Research On Index Code Scheduling And Resource Allocation In Multicarrier Multicast Wireless Networks

In wireless networks, multicasting of MBMS(Multimedia Broadcast Multicast Service) was designed to provide both broadcast and multicast content distribution services to meet the emerging requirements of multimedia applications for mobile users. OFDM technique has been widely used in broadband wireless systems such as IEEE 802.11 WLANs, 3G-LTE, Wimax, etc. In multicast OFDM networks, the station can transmit packets over multiple subcarriers simultaneously. Wireless channels are subject to fading due to signal attenuation, shadowing and multipath effects, which leads to random failure of packet reception at different receivers.
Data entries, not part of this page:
(* For every $t>0$, the limit $\lim_{n\to\infty}\frac1n\log\mathbb{E}\big(e^{tH_n}\big)$ exists.
   Context: Standing setup (discrete-time Hawkes process, DTHP). Let $(a_i)_{i=0}^\infty$ be a sequence of strictly positive real numbers with $\sum_{i=0}^\infty a_i<1$ and $\sum_{i=1}^\infty i\,a_i<\infty$. The arrival process $\{\xi_n\}_{n\ge1}$ is a sequence of $\{0,1\}$-valued random variables on a probability space $(\Omega,\mathcal F,\mathbb P)$ with $\mathbb{P}(\xi_1=1)=a_0$, $\mathbb P(\xi_1=0)=1-a_0$, and for $n\ge2$, $$\mathbb{P}(\xi_n=1\mid \xi_1,\dots,\xi_{n-1})=a_0+\sum_{i=1}^{n-1}a_{n-i}\xi_i,\qquad \mathbb{P}(\xi_n=0\mid \xi_1,\dots,\xi_{n-1})=1-\Big(a_0+\sum_{i=1}^{n-1}a_{n-i}\xi_i\Big).$$ The DTHP is $H_n=\sum_{i=1}^n\xi_i$, and $\mathcal F_n=\sigma(\xi_1,\dots,\xi_n)$. *)

From HB Require Import structures.
From mathcomp Require Import all_boot all_order all_algebra.
From mathcomp Require Import all_classical all_reals all_analysis.
Set Implicit Arguments. Unset Strict Implicit. Unset Printing Implicit Defensive.
Import Order.TTheory GRing.Theory Num.Theory numFieldNormedType.Exports.
Local Open Scope ring_scope.

(* Discrete-time Hawkes process with kernel (a_i)_{i>=0}.
   A sample path of (xi_1, ..., xi_n) is encoded as x : n.-tuple bool,
   with tnth x k = xi_{k+1} (0-based index k). *)

(* Conditional intensity at time k+1 given the past:
   P(xi_{k+1} = 1 | xi_1..xi_k) = a_0 + sum_{i=1}^{k} a_{k+1-i} xi_i.
   In 0-based indices (time i+1 <-> index i, i < k): a (k - i). *)
Definition dthp_intensity (R : realType) (a : nat -> R) (n : nat)
    (x : n.-tuple bool) (k : 'I_n) : R :=
  a 0%N + \sum_(i < n | (i < k)%N) a (k - i)%N * (tnth x i)%:R.

(* Joint law of (xi_1, ..., xi_n): P(xi_1 = x_1, ..., xi_n = x_n), the product
   of the successive conditional probabilities (chain rule). *)
Definition dthp_pathprob (R : realType) (a : nat -> R) (n : nat)
    (x : n.-tuple bool) : R :=
  \prod_(k < n) (if tnth x k then dthp_intensity a x k
                 else 1 - dthp_intensity a x k).

Definition dthp_H (R : realType) (n : nat) (x : n.-tuple bool) : R :=
  \sum_(i < n) (tnth x i)%:R.

Definition dthp_mgf (R : realType) (a : nat -> R) (n : nat) (t : R) : R :=
  \sum_(x : n.-tuple bool) dthp_pathprob a x * expR (t * dthp_H R x).

(* Conditioning on the first step, E(exp(t H_n)) obeys a recursion in which the
   intensity baseline is shifted by the kernel; along this recursion the mgf is
   increasing in the baseline (for t >= 0 an early event raises all later
   intensities). Since after n steps the baseline is still at least a_0, the
   mgf is supermultiplicative in n, so log E(exp(t H_n)) is superadditive,
   nonnegative and at most t n, and Fekete's lemma gives the limit. *)

From HB Require Import structures.
From mathcomp Require Import all_boot all_order all_algebra.
From mathcomp Require Import all_classical all_reals all_analysis.
From mathcomp Require Import ring lra.
Import Order.TTheory GRing.Theory Num.Theory numFieldNormedType.Exports.
Set Implicit Arguments. Unset Strict Implicit. Unset Printing Implicit Defensive.
Local Open Scope ring_scope.

Lemma ler_convex_comb (R : realDomainType) (p x y x' y' : R) :
  0 <= p <= 1 -> x <= x' -> y <= y' -> p * x + (1 - p) * y <= p * x' + (1 - p) * y'.
Proof. by move=> /andP[p_ge0 p_le1] le_x le_y; nra. Qed.

Lemma ler_convex_comb_weight (R : realDomainType) (p q x y : R) :
  p <= q -> y <= x -> p * x + (1 - p) * y <= q * x + (1 - q) * y.
Proof. by move=> le_pq le_yx; nra. Qed.

Section Fekete.
Variables (R : realType) (f : nat -> R) (C : R).
Hypothesis f_superadditive : forall n m, f n + f m <= f (n + m).
Hypothesis f_ge0 : forall n, 0 <= f n.
Hypothesis f_le_linear : forall n, f n <= C * n%:R.

Lemma superadditive_natmul q N : q%:R * f N <= f (q * N)%N.
Proof.
elim: q => [|q IH]; first by rewrite mul0r.
rewrite mulSn -nat1r mulrDl mul1r; apply: le_trans (f_superadditive _ _).
by rewrite lerD2l.
Qed.

Lemma superadditive_lower_bound N n : (0 < N)%N ->
  n%:R * (N%:R^-1 * f N) - N%:R * C <= f n.
Proof.
move=> N_gt0; have N0 : 0 < N%:R :> R by rewrite ltr0n.
have fq_le : f (n %/ N * N)%N <= f n.
  rewrite [in X in _ <= f X](divn_eq n N); apply: le_trans (f_superadditive _ _).
  by rewrite lerDl.
have n_le : n%:R <= (n %/ N)%:R * N%:R + N%:R :> R.
  rewrite -natrM -natrD ler_nat {1}(divn_eq n N) leq_add2l.
  exact/ltnW/ltn_pmod.
have fN_le : f N <= C * N%:R := f_le_linear N.
have := @superadditive_natmul (n %/ N) N.
set v := N%:R^-1 * f N.
have fN : f N = N%:R * v by rewrite /v mulrA divff ?mul1r ?lt0r_neq0.
rewrite fN in fN_le * => fq_ge.
have v_le : v <= C by rewrite -(ler_pM2l N0) -fN mulrC.
have v_ge0 : 0 <= v by rewrite mulr_ge0 ?invr_ge0.
have := ler_wpM2r v_ge0 n_le.
nra.
Qed.

Lemma superadditive_cvgn : cvgn (fun n => n%:R^-1 * f n).
Proof.
pose S := [set (n.+1)%:R^-1 * f n.+1 | n in [set: nat]]%classic.
have S_sup : has_sup S.
  split; first by exists (1%:R^-1 * f 1%N), 0%N.
  by exists C => _ [n _ <-]; rewrite ler_pdivrMl ?ltr0n // mulrC.
apply/cvg_ex; exists (sup S); apply/cvgrPdist_le => e e_gt0.
have [_ [N _ <-] supS_lt] := sup_adherent (divr_gt0 e_gt0 (ltr0n R 2)) S_sup.
set v := N.+1%:R^-1 * f N.+1 in supS_lt.
near=> n.
have n_gt0 : (0 < n)%N by near: n; exact: nbhs_infty_gt.
have n_ge : 2 * N.+1%:R * C / e <= n%:R :> R by near: n; exact: nbhs_infty_ger.
have n0 : 0 < n%:R :> R by rewrite ltr0n.
have le_supS : n%:R^-1 * f n <= sup S.
  by apply: sup_upper_bound => //; exists n.-1; rewrite ?prednK.
rewrite ger0_norm ?subr_ge0 // lerBlDr -lerBlDl ler_pdivlMl //.
have lb : n%:R * v - N.+1%:R * C <= f n :=
  @superadditive_lower_bound N.+1 n (ltn0Sn N).
have NC_le : N.+1%:R * C <= n%:R * (e / 2).
  by have := ler_wpM2r (ltW e_gt0) n_ge; rewrite divfK ?gt_eqF //; nra.
have := ler_wpM2l (ltW n0) (ltW supS_lt).
have -> : n%:R * (sup S - e) = n%:R * (sup S - e / 2) - n%:R * (e / 2) by field.
lra.
Unshelve. all: end_near.
Qed.

End Fekete.

Lemma sum_tuple_bool_cons (V : nmodType) n (F : n.+1.-tuple bool -> V) :
  \sum_(x : n.+1.-tuple bool) F x =
  \sum_(x : n.-tuple bool) F [tuple of true :: x] +
  \sum_(x : n.-tuple bool) F [tuple of false :: x].
Proof.
rewrite (reindex (fun p : bool * n.-tuple bool => [tuple of p.1 :: p.2])) /=.
  by rewrite -(pair_bigA _ (fun c (x : n.-tuple bool) => F [tuple of c :: x])) big_bool.
exists (fun x => (thead x, [tuple of behead x])) => [[c x]|x] _ /=.
  by rewrite theadE; congr pair; apply: val_inj.
by apply: val_inj; rewrite [in RHS](tuple_eta x).
Qed.

Section DTHPFromBase.
Variables (R : realType) (a : nat -> R).

(* [b k] plays the role of [a 0] plus the excitation at time [k] due to events
   before time 0; after a first step [c], the rest of the path is a process of the
   same kind with base [shift_base b c]. *)
Definition dthp_intensity_from (b : nat -> R) n (x : n.-tuple bool) (k : 'I_n) : R :=
  b k + \sum_(i < n | (i < k)%N) a (k - i)%N * (tnth x i)%:R.

Definition dthp_pathprob_from (b : nat -> R) n (x : n.-tuple bool) : R :=
  \prod_(k < n) (if tnth x k then dthp_intensity_from b x k
                 else 1 - dthp_intensity_from b x k).

Definition dthp_mgf_from (t : R) (b : nat -> R) n : R :=
  \sum_(x : n.-tuple bool) dthp_pathprob_from b x * expR (t * dthp_H R x).

Definition shift_base (b : nat -> R) (c : bool) (k : nat) : R :=
  b k.+1 + a k.+1 * c%:R.

Fixpoint dthp_mgf_rec (t : R) n (b : nat -> R) : R :=
  if n is m.+1 then
    b 0%N * expR t * dthp_mgf_rec t m (shift_base b true)
    + (1 - b 0%N) * dthp_mgf_rec t m (shift_base b false)
  else 1.

Lemma dthp_intensity_from_cons0 b n c (x : n.-tuple bool) :
  dthp_intensity_from b [tuple of c :: x] ord0 = b 0%N.
Proof. by rewrite /dthp_intensity_from big_pred0 ?addr0. Qed.

Lemma dthp_intensity_from_consS b n c (x : n.-tuple bool) (k : 'I_n) :
  dthp_intensity_from b [tuple of c :: x] (lift ord0 k) =
  dthp_intensity_from (shift_base b c) x k.
Proof.
rewrite /dthp_intensity_from /shift_base lift0 big_mkcond big_ord_recl /=.
rewrite tnth0 subn0 -addrA [X in _ = _ + (_ + X)]big_mkcond; congr (_ + (_ + _)).
by apply: eq_bigr => i _; rewrite ltnS tnthS subSS.
Qed.

Lemma dthp_mgf_fromS t b n :
  dthp_mgf_from t b n.+1 =
  b 0%N * expR t * dthp_mgf_from t (shift_base b true) n
  + (1 - b 0%N) * dthp_mgf_from t (shift_base b false) n.
Proof.
rewrite /dthp_mgf_from sum_tuple_bool_cons !mulr_sumr.
congr (_ + _); apply: eq_bigr => x _;
  rewrite /dthp_pathprob_from /dthp_H !big_ord_recl !tnth0 dthp_intensity_from_cons0 /=;
  under eq_bigr do rewrite tnthS dthp_intensity_from_consS;
  under [X in expR (t * (_ + X))]eq_bigr do rewrite tnthS.
  by rewrite mulrDr mulr1 expRD; ring.
by rewrite add0r mulrA.
Qed.

Lemma dthp_mgf_fromE t b n : dthp_mgf_from t b n = dthp_mgf_rec t n b.
Proof.
elim: n b => [|n IH] b; last by rewrite dthp_mgf_fromS /= !IH.
rewrite /dthp_mgf_from (big_pred1 [tuple]) => [|x]; last first.
  by apply/esym/eqP; rewrite [x]tuple0.
by rewrite /dthp_pathprob_from /dthp_H !big_ord0 mulr0 expR0 mulr1.
Qed.

End DTHPFromBase.

Section DTHPMgfBounds.
Variables (R : realType) (a : nat -> R) (t : R).
Hypotheses (a_ge0 : forall i, 0 <= a i) (t_ge0 : 0 <= t).

(* Along every path the intensity at time [k] lies between [b k] and
   [b k + \sum_(j < k) a j.+1], so this keeps it in [[a 0, 1]]. *)
Definition admissible_base (b : nat -> R) :=
  forall k, a 0%N <= b k /\ b k + \sum_(j < k) a j.+1 <= 1.

Lemma admissible_shift_base b c :
  admissible_base b -> admissible_base (shift_base a b c).
Proof.
move=> adm_b k; have [b_ge b_le] := adm_b k.+1; rewrite /shift_base; split.
  by apply: le_trans b_ge _; rewrite lerDl mulr_ge0.
apply: le_trans b_le; rewrite big_ord_recr /= -addrA lerD2l addrC lerD2l.
by case: c; rewrite ?mulr1 ?mulr0.
Qed.

Lemma admissible_base0 b : admissible_base b -> 0 <= b 0%N <= 1.
Proof.
move=> adm_b; have [b_ge b_le] := adm_b 0%N.
by rewrite big_ord0 addr0 in b_le; rewrite b_le andbT (le_trans _ b_ge).
Qed.

Let expRt_ge1 : 1 <= expR t.
Proof. by rewrite -expR0 ler_expR. Qed.

Lemma dthp_mgf_rec_ge1 n b : admissible_base b -> 1 <= dthp_mgf_rec a t n b.
Proof.
elim: n b => [|n IH] b adm_b //=.
have ge1_true : 1 <= expR t * dthp_mgf_rec a t n (shift_base a b true).
  by rewrite -[1]mulr1 ler_pM ?expRt_ge1 ?IH //; apply: admissible_shift_base.
have ge1_false := IH _ (admissible_shift_base false adm_b).
have := ler_convex_comb (admissible_base0 adm_b) ge1_true ge1_false.
by rewrite !mulr1 subrKC mulrA.
Qed.

Lemma dthp_mgf_rec_le_expR n b :
  admissible_base b -> dthp_mgf_rec a t n b <= expR (t * n%:R).
Proof.
elim: n b => [|n IH] b adm_b /=; first by rewrite mulr0 expR0.
rewrite -mulrA -addn1 natrD mulrDr mulr1 expRD [X in _ <= X]mulrC.
have le_true : expR t * dthp_mgf_rec a t n (shift_base a b true)
               <= expR t * expR (t * n%:R).
  by rewrite ler_wpM2l ?expR_ge0 ?IH //; apply: admissible_shift_base.
have le_false : dthp_mgf_rec a t n (shift_base a b false)
                <= expR t * expR (t * n%:R).
  apply: le_trans (IH _ (admissible_shift_base false adm_b)) _.
  by rewrite ler_peMl ?expR_ge0 ?expRt_ge1.
have := ler_convex_comb (admissible_base0 adm_b) le_true le_false.
by rewrite -mulrDl subrKC mul1r.
Qed.

Lemma dthp_mgf_rec_le_base n b c :
  admissible_base b -> admissible_base c -> (forall k, b k <= c k) ->
  dthp_mgf_rec a t n b <= dthp_mgf_rec a t n c.
Proof.
elim: n b c => [|n IH] b c adm_b adm_c le_bc //=.
have le_shift d u v : (forall k, u k <= v k) ->
    forall k, shift_base a u d k <= shift_base a v d k.
  by move=> le_uv k; rewrite lerD2r.
have adm_shift := admissible_shift_base.
set Gbt := dthp_mgf_rec a t n (shift_base a b true).
set Gbf := dthp_mgf_rec a t n (shift_base a b false).
have le_true : Gbt <= dthp_mgf_rec a t n (shift_base a c true).
  by apply: IH; [exact: adm_shift | exact: adm_shift | exact: le_shift].
have le_false : Gbf <= dthp_mgf_rec a t n (shift_base a c false).
  by apply: IH; [exact: adm_shift | exact: adm_shift | exact: le_shift].
(* An event at the first step raises every later intensity. *)
have false_le_true : Gbf <= expR t * Gbt.
  have Gbt_ge1 : 1 <= Gbt by apply: dthp_mgf_rec_ge1; exact: adm_shift.
  apply: (@le_trans _ _ Gbt); last by rewrite ler_peMl ?expRt_ge1 ?(le_trans ler01).
  apply: IH; [exact: adm_shift | exact: adm_shift | move=> k].
  by rewrite lerD2l ler_wpM2l ?ler_nat.
rewrite -!mulrA; apply: le_trans (ler_convex_comb_weight (le_bc 0%N) false_le_true) _.
apply: ler_convex_comb; first exact: admissible_base0.
  by rewrite ler_wpM2l ?expR_ge0.
exact: le_false.
Qed.

Lemma dthp_mgf_rec_supermul n m b :
  admissible_base (fun=> a 0%N) -> admissible_base b ->
  dthp_mgf_rec a t n b * dthp_mgf_rec a t m (fun=> a 0%N)
  <= dthp_mgf_rec a t (n + m) b.
Proof.
move=> adm0; elim: n b => [|n IH] b adm_b /=.
  by rewrite mul1r; apply: dthp_mgf_rec_le_base => // k; case: (adm_b k).
rewrite mulrDl -!mulrA; apply: ler_convex_comb; first exact: admissible_base0.
  by rewrite ler_wpM2l ?expR_ge0 ?IH //; apply: admissible_shift_base.
by rewrite IH //; apply: admissible_shift_base.
Qed.

End DTHPMgfBounds.

Theorem lemma4p7 (R : realType) (a : nat -> R)
    (ha_pos : forall i, 0 < a i)
    (ha_cvg : cvgn (series a))
    (ha_lt1 : limn (series a) < 1)
    (ha_mean : cvgn (series (fun i => i%:R * a i)))
    (t : R) (ht : 0 < t) :
  cvgn (fun n : nat => n%:R^-1 * ln (dthp_mgf a n t)).
Proof.
have a_ge0 i : 0 <= a i := ltW (ha_pos i).
have t_ge0 := ltW ht.
have adm0 : admissible_base a (fun=> a 0%N).
  move=> k; split => //; apply/ltW/(le_lt_trans _ ha_lt1).
  have -> : a 0%N + \sum_(j < k) a j.+1 = series a k.+1.
    by rewrite /series /= big_mkord big_ord_recl.
  by apply: nondecreasing_cvgn_le => //; apply: nondecreasing_series.
pose f n := ln (dthp_mgf_rec a t n (fun=> a 0%N)).
have mgf_ge1 n := dthp_mgf_rec_ge1 a_ge0 t_ge0 n adm0.
have mgf_gt0 n := lt_le_trans ltr01 (mgf_ge1 n).
have -> : (fun n => n%:R^-1 * ln (dthp_mgf a n t)) = (fun n => n%:R^-1 * f n).
  by apply/funext => n; rewrite /f -dthp_mgf_fromE.
apply: (@superadditive_cvgn _ f t) => [n m | n | n].
- rewrite /f -lnM ?posrE // ler_ln ?posrE ?mulr_gt0 //.
  exact: dthp_mgf_rec_supermul.
- exact: ln_ge0.
- by rewrite /f -[t * _]expRK ler_ln ?posrE ?expR_gt0 ?dthp_mgf_rec_le_expR.
Qed.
On the other hand, receivers may have diverse demands and channel qualities, so wireless resource should be allocated carefully to different receivers, otherwise it may lead to unfairness issue or the waste of wireless resource.In this paper, we study the problem of packet transmission and resource allocation in multicast OFDM networks, to our knowledge, we are the first to jointly consider the problem of index code construction and the transmission of index codes. Our first attempt is to improve the multicast transmission efficiency to the largest extent by jointly considering the design of index coding and transmission scheduling. To this end, we firstly propose a scheduling algorithm for subcarrier allocation. We then propose a cycle-based coding technique for the multicast index coding problem, and design the corresponding joint multicast subcarrier and index coding allocation scheme. We also transform the problem and design a suboptimal solution.In the study of resource(subcarrier, power) allocation in multicast OFDM networks, we also formulate the multicast resource allocation problem by incorporating with the side information and design corresponding optimization allocation schemes. This problem can also be transformed to the maximum coverage problem, and a greedy algorithm is designed that solve the problem efficiently with guaranteed approximation ratio. Simulation results show that our proposed schemes can provide substantial improvement under various conditions.